- [ACTIVITY] Could you reproduce the lines below from the one with "Proof. exact: rmorphM. Qed." through the one with "Proof. exact: rmorph_nat. Qed."? Keep both ends and add nothing.

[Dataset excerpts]
-*-
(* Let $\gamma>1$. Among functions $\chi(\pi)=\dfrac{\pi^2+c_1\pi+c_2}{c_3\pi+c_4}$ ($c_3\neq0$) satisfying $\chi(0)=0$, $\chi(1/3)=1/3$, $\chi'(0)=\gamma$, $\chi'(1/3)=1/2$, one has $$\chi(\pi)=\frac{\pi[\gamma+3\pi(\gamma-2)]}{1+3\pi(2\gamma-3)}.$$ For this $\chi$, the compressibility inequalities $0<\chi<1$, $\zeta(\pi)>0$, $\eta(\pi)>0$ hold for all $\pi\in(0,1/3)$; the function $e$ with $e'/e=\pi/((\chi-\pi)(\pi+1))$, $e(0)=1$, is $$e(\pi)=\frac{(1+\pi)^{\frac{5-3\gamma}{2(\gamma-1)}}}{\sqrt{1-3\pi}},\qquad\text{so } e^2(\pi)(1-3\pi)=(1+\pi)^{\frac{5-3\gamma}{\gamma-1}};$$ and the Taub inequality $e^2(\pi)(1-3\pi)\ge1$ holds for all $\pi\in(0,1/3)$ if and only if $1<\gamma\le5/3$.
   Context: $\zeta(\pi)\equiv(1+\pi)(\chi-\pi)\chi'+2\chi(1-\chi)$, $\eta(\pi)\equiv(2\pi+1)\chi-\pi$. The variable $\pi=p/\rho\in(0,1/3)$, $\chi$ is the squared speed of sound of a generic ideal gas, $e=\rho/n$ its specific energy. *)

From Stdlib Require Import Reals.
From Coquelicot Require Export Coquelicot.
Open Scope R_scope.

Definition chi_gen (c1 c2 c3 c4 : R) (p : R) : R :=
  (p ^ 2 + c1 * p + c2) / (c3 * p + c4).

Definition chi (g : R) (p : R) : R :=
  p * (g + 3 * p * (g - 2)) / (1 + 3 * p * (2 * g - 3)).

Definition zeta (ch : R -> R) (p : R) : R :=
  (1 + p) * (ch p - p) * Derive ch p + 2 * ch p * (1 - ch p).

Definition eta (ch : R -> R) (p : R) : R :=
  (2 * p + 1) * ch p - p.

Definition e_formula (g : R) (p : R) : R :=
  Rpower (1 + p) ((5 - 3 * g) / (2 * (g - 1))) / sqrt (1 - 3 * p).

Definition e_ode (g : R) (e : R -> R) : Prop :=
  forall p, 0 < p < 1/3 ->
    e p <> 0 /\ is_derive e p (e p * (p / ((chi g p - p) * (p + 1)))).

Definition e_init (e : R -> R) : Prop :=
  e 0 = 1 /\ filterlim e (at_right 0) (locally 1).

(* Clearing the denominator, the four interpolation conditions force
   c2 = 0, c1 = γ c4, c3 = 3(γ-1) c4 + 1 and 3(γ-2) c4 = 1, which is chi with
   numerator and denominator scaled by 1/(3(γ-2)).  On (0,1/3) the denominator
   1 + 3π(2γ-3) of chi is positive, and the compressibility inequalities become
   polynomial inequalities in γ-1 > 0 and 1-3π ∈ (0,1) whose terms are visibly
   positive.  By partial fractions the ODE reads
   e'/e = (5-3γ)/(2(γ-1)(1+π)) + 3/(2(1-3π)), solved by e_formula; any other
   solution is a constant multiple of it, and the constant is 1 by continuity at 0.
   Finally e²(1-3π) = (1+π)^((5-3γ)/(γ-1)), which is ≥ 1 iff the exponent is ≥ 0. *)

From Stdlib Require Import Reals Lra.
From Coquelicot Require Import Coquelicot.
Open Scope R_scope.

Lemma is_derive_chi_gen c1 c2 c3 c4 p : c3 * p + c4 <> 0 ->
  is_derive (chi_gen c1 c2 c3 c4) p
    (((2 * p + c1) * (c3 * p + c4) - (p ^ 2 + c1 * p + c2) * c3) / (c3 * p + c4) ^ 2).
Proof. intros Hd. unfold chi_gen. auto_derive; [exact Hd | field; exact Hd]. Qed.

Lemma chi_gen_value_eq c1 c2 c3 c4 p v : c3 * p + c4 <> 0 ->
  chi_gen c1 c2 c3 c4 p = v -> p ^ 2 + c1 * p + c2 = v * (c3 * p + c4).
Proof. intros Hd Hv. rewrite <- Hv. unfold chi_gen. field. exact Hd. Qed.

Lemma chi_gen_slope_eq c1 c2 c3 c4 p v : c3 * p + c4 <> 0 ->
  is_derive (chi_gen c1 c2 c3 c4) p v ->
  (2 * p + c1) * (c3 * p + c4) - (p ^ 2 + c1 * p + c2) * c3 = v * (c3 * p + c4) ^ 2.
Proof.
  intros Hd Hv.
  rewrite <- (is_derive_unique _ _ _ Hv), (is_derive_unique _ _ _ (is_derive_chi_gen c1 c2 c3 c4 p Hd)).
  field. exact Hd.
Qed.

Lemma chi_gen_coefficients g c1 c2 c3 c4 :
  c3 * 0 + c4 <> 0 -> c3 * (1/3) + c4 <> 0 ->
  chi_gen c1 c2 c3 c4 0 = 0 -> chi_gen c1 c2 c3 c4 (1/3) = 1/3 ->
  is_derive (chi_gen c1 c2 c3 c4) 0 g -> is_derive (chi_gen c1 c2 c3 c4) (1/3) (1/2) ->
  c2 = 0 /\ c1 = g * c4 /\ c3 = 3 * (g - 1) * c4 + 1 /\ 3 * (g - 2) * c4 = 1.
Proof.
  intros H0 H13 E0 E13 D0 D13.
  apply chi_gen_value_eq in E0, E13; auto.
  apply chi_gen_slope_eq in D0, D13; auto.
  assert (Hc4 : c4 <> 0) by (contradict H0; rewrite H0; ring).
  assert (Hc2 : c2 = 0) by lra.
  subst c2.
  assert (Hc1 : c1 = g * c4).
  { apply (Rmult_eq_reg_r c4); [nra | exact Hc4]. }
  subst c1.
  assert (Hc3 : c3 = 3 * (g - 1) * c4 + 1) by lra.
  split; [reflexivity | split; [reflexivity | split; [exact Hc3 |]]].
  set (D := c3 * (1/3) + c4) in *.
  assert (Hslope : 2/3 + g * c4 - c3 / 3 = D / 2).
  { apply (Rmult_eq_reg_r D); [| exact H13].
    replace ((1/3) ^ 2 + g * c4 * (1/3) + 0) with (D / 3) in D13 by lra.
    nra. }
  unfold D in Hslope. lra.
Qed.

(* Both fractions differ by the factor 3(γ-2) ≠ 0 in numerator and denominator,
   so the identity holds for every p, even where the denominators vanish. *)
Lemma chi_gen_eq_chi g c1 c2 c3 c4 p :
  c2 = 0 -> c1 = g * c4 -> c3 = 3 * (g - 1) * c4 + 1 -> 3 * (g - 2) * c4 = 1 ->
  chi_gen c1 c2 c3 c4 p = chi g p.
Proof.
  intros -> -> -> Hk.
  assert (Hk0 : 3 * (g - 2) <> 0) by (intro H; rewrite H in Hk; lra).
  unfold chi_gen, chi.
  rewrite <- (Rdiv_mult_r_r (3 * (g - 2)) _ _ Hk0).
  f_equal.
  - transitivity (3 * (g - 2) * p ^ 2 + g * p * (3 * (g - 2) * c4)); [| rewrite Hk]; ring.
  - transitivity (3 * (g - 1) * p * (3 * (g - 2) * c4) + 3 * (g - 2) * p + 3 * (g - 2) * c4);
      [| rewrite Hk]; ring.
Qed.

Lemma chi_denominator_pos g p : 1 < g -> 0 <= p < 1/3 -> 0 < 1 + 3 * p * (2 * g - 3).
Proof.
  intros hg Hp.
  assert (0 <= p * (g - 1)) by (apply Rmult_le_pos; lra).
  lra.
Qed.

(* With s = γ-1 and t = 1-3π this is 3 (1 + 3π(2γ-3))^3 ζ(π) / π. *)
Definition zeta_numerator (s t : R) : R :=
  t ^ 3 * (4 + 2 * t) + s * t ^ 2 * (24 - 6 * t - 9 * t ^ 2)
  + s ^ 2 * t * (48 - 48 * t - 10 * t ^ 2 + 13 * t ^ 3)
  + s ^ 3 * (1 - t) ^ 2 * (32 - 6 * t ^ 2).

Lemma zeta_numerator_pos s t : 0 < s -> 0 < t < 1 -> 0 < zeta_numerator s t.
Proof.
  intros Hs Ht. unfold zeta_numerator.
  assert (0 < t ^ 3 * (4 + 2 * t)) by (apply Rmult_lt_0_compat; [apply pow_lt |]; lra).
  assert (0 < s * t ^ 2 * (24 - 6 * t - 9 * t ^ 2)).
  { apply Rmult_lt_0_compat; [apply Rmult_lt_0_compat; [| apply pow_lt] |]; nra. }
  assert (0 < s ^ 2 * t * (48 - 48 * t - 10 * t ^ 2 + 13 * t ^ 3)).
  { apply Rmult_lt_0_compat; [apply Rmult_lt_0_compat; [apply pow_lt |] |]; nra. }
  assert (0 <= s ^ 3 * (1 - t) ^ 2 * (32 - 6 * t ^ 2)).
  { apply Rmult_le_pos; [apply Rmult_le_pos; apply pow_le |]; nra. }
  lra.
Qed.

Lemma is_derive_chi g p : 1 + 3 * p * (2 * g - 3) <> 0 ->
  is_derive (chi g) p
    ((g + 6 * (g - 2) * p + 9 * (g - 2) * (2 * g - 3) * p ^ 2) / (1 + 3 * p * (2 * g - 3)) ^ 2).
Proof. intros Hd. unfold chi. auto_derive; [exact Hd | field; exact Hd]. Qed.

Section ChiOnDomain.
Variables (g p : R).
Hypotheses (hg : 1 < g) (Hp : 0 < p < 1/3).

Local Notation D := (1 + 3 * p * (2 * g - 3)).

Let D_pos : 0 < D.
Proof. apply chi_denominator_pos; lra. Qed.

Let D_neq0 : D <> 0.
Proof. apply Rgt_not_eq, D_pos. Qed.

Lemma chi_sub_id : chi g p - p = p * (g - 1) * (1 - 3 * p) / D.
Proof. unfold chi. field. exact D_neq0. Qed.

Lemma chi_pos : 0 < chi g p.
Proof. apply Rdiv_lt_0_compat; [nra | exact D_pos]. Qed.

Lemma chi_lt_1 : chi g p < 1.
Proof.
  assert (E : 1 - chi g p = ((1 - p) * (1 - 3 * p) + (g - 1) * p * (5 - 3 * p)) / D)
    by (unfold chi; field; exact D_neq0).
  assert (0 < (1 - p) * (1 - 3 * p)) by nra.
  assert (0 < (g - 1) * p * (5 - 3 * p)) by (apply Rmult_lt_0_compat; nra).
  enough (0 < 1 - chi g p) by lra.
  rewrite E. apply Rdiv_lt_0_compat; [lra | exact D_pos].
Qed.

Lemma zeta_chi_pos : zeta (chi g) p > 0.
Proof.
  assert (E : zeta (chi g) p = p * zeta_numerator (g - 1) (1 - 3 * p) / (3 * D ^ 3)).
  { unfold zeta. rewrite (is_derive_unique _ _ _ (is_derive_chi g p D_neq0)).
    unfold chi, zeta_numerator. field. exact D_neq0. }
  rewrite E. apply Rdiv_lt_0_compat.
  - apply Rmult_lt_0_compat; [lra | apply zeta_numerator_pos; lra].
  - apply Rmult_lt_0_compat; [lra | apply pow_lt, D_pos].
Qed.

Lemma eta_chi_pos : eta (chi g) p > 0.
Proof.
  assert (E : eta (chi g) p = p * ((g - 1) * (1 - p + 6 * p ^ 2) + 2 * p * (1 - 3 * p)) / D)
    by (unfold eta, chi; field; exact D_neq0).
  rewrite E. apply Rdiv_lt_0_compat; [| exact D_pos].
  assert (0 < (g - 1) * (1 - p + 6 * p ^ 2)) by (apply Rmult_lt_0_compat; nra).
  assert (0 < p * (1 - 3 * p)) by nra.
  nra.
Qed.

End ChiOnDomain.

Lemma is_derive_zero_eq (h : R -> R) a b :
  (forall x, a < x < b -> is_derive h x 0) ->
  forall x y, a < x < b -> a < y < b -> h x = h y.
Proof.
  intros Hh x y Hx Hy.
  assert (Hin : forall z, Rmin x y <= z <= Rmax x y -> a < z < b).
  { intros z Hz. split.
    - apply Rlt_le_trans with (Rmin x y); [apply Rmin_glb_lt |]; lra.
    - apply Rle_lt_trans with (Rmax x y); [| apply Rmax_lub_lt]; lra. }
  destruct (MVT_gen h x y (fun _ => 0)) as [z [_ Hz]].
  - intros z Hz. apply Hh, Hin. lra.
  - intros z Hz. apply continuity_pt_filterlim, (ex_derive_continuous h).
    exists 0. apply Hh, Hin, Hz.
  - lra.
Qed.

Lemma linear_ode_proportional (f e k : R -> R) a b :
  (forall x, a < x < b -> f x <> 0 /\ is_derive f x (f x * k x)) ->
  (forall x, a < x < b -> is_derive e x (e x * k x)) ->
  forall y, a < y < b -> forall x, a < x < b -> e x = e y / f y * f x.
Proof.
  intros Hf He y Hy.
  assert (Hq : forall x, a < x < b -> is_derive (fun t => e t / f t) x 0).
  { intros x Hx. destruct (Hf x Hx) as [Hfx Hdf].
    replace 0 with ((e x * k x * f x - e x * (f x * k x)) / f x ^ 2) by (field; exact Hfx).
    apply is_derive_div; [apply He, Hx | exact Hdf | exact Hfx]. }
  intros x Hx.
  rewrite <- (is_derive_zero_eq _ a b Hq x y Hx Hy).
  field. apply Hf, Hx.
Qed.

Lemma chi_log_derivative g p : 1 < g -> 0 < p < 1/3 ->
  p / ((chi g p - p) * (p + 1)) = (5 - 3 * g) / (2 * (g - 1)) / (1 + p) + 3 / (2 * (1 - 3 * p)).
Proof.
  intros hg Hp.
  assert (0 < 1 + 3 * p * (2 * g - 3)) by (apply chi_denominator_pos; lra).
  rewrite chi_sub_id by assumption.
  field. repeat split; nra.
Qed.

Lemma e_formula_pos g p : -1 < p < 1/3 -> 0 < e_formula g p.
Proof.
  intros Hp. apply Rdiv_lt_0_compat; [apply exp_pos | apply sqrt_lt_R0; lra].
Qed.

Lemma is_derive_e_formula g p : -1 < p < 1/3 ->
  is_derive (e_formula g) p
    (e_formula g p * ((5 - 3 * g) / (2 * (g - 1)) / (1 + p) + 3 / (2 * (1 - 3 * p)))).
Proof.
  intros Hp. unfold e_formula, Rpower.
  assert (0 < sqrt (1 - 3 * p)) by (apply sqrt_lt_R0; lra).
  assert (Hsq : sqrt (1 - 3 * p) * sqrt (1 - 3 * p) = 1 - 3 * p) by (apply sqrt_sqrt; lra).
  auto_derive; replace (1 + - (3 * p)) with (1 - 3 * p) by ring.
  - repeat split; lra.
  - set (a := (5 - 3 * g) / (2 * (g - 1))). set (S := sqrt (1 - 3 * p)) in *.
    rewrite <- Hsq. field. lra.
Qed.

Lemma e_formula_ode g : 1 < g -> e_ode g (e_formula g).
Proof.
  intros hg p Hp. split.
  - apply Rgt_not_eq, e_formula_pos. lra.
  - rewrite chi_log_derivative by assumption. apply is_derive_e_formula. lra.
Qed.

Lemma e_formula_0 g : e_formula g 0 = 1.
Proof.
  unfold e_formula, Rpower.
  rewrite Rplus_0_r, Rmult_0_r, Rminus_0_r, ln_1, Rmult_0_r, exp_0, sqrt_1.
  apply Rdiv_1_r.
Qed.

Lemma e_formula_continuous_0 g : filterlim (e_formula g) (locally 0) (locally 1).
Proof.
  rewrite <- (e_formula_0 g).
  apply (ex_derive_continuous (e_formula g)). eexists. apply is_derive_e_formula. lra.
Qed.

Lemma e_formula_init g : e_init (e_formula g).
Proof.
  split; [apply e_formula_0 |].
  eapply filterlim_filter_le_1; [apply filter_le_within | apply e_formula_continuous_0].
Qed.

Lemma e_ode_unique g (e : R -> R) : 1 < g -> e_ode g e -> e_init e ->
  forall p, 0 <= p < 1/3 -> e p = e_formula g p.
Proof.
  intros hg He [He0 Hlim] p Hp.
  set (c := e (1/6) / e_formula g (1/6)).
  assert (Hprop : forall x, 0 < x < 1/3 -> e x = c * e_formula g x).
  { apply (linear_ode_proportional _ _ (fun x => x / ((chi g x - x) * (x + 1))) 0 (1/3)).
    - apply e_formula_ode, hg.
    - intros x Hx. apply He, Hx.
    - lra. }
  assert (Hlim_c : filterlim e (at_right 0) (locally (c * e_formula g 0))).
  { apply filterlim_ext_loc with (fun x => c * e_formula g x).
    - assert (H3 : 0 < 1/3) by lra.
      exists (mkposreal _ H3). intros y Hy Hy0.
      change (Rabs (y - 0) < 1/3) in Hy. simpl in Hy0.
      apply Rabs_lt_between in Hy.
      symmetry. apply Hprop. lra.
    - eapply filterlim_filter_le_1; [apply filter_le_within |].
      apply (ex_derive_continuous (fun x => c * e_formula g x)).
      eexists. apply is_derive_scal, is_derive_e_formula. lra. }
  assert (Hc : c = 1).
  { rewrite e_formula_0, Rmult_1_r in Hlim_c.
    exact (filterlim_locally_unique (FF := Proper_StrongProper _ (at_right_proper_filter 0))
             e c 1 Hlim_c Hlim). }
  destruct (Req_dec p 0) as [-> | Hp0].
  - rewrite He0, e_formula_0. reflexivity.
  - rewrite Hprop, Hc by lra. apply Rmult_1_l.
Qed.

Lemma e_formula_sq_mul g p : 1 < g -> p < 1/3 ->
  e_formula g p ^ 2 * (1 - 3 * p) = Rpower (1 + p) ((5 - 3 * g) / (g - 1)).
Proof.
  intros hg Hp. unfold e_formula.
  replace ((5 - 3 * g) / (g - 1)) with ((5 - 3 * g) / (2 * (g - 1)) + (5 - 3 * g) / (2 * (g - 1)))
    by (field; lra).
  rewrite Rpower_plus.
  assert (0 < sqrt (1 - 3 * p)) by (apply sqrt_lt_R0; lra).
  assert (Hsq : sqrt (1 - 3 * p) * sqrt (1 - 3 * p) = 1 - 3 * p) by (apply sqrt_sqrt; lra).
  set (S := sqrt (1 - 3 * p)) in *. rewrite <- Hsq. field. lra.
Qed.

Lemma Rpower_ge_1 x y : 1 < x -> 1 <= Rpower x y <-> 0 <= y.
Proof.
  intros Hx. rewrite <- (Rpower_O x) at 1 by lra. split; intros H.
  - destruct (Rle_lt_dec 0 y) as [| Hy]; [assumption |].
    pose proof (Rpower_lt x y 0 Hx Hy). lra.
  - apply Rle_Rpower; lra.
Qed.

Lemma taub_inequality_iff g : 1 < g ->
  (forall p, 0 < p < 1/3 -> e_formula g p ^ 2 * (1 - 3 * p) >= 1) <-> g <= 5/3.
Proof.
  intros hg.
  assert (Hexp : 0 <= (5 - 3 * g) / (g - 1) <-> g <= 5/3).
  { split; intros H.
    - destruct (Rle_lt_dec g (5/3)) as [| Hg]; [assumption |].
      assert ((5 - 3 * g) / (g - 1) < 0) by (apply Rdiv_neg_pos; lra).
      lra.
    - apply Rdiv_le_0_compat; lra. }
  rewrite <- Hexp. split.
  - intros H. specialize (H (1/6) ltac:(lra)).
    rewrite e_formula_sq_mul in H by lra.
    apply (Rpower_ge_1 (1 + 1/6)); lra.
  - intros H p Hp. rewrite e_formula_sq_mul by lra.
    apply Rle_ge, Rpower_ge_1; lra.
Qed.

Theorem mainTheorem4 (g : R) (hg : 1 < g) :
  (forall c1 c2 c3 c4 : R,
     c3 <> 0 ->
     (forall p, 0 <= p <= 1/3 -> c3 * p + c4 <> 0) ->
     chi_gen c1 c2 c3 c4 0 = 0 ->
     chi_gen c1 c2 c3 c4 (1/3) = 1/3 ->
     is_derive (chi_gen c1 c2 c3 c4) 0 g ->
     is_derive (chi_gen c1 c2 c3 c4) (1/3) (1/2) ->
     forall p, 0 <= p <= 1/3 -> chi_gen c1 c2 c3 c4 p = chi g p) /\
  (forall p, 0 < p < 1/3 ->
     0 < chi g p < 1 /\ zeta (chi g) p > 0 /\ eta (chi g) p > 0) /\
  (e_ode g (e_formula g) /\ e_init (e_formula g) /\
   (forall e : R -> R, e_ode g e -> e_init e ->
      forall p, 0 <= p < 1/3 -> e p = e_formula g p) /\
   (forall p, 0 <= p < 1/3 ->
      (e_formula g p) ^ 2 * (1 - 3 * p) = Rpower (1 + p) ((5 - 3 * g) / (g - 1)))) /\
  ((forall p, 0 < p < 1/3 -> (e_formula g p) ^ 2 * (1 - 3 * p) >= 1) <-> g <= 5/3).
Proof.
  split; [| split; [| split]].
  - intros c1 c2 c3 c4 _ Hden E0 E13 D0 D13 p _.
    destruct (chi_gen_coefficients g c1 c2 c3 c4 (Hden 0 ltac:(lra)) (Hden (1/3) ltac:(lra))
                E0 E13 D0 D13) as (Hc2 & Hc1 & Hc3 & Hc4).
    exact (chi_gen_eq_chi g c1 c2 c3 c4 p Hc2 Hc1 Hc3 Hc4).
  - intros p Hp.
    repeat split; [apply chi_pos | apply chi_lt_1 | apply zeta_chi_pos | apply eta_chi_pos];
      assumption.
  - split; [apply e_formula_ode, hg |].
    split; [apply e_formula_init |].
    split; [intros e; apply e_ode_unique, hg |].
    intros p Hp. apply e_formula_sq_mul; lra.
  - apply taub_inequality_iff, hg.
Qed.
-*-
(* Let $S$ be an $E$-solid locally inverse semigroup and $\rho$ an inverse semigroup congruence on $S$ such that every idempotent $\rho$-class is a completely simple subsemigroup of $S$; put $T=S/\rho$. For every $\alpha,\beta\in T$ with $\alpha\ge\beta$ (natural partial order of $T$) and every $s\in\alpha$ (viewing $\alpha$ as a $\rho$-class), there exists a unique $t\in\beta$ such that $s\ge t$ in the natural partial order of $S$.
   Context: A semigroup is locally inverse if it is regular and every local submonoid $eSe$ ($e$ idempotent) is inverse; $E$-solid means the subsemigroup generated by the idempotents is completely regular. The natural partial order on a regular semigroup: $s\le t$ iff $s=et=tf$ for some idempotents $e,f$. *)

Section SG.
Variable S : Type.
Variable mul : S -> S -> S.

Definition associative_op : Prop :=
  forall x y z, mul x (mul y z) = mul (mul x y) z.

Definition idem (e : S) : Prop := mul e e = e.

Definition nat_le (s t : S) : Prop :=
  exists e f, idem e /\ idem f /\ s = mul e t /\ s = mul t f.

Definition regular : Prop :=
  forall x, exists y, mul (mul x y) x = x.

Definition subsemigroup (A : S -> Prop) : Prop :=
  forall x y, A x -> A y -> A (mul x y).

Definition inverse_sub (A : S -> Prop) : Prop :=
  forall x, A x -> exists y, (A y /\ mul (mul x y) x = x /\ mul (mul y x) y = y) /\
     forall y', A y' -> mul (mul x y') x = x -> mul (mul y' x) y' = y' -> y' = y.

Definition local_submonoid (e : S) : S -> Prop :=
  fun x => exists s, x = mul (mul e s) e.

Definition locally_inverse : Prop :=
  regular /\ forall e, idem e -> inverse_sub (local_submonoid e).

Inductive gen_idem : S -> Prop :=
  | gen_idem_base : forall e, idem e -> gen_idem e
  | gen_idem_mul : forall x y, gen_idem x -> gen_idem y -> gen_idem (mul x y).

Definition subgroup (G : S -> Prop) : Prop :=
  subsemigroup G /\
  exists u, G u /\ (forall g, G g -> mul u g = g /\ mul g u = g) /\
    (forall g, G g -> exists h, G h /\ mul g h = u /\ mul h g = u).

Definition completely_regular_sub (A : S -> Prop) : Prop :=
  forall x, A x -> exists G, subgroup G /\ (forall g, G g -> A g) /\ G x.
-*-
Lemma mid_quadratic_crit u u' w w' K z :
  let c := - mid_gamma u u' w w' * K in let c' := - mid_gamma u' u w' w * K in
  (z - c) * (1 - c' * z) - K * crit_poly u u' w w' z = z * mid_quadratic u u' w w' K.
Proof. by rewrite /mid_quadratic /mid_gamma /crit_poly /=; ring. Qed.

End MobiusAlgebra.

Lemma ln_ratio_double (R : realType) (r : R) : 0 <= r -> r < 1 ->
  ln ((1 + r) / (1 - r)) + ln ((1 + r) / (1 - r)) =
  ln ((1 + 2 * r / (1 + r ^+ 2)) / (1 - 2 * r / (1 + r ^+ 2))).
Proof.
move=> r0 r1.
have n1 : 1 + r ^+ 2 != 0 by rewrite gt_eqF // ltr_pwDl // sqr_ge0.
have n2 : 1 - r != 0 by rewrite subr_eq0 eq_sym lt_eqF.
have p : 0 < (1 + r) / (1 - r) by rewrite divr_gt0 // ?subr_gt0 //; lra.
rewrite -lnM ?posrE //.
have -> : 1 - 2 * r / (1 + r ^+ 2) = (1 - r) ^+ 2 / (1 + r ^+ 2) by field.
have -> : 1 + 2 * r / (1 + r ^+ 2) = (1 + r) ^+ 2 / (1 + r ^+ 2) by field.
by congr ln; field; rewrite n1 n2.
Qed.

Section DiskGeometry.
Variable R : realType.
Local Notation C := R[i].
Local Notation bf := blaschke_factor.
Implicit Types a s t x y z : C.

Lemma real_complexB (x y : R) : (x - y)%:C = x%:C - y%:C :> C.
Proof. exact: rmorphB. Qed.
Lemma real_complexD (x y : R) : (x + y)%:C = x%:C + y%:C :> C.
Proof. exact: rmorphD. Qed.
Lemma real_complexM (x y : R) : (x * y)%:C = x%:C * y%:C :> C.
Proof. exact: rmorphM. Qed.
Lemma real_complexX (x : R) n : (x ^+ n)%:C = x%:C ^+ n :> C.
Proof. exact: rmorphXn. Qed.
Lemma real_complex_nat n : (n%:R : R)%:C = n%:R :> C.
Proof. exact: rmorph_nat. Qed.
-*-
- [SOLUTION TO THIS TASK]
Proof. exact: rmorphM. Qed.
Lemma real_complexX (x : R) n : (x ^+ n)%:C = x%:C ^+ n :> C.
Proof. exact: rmorphXn. Qed.
Lemma real_complex_nat n : (n%:R : R)%:C = n%:R :> C.
Proof. exact: rmorph_nat. Qed.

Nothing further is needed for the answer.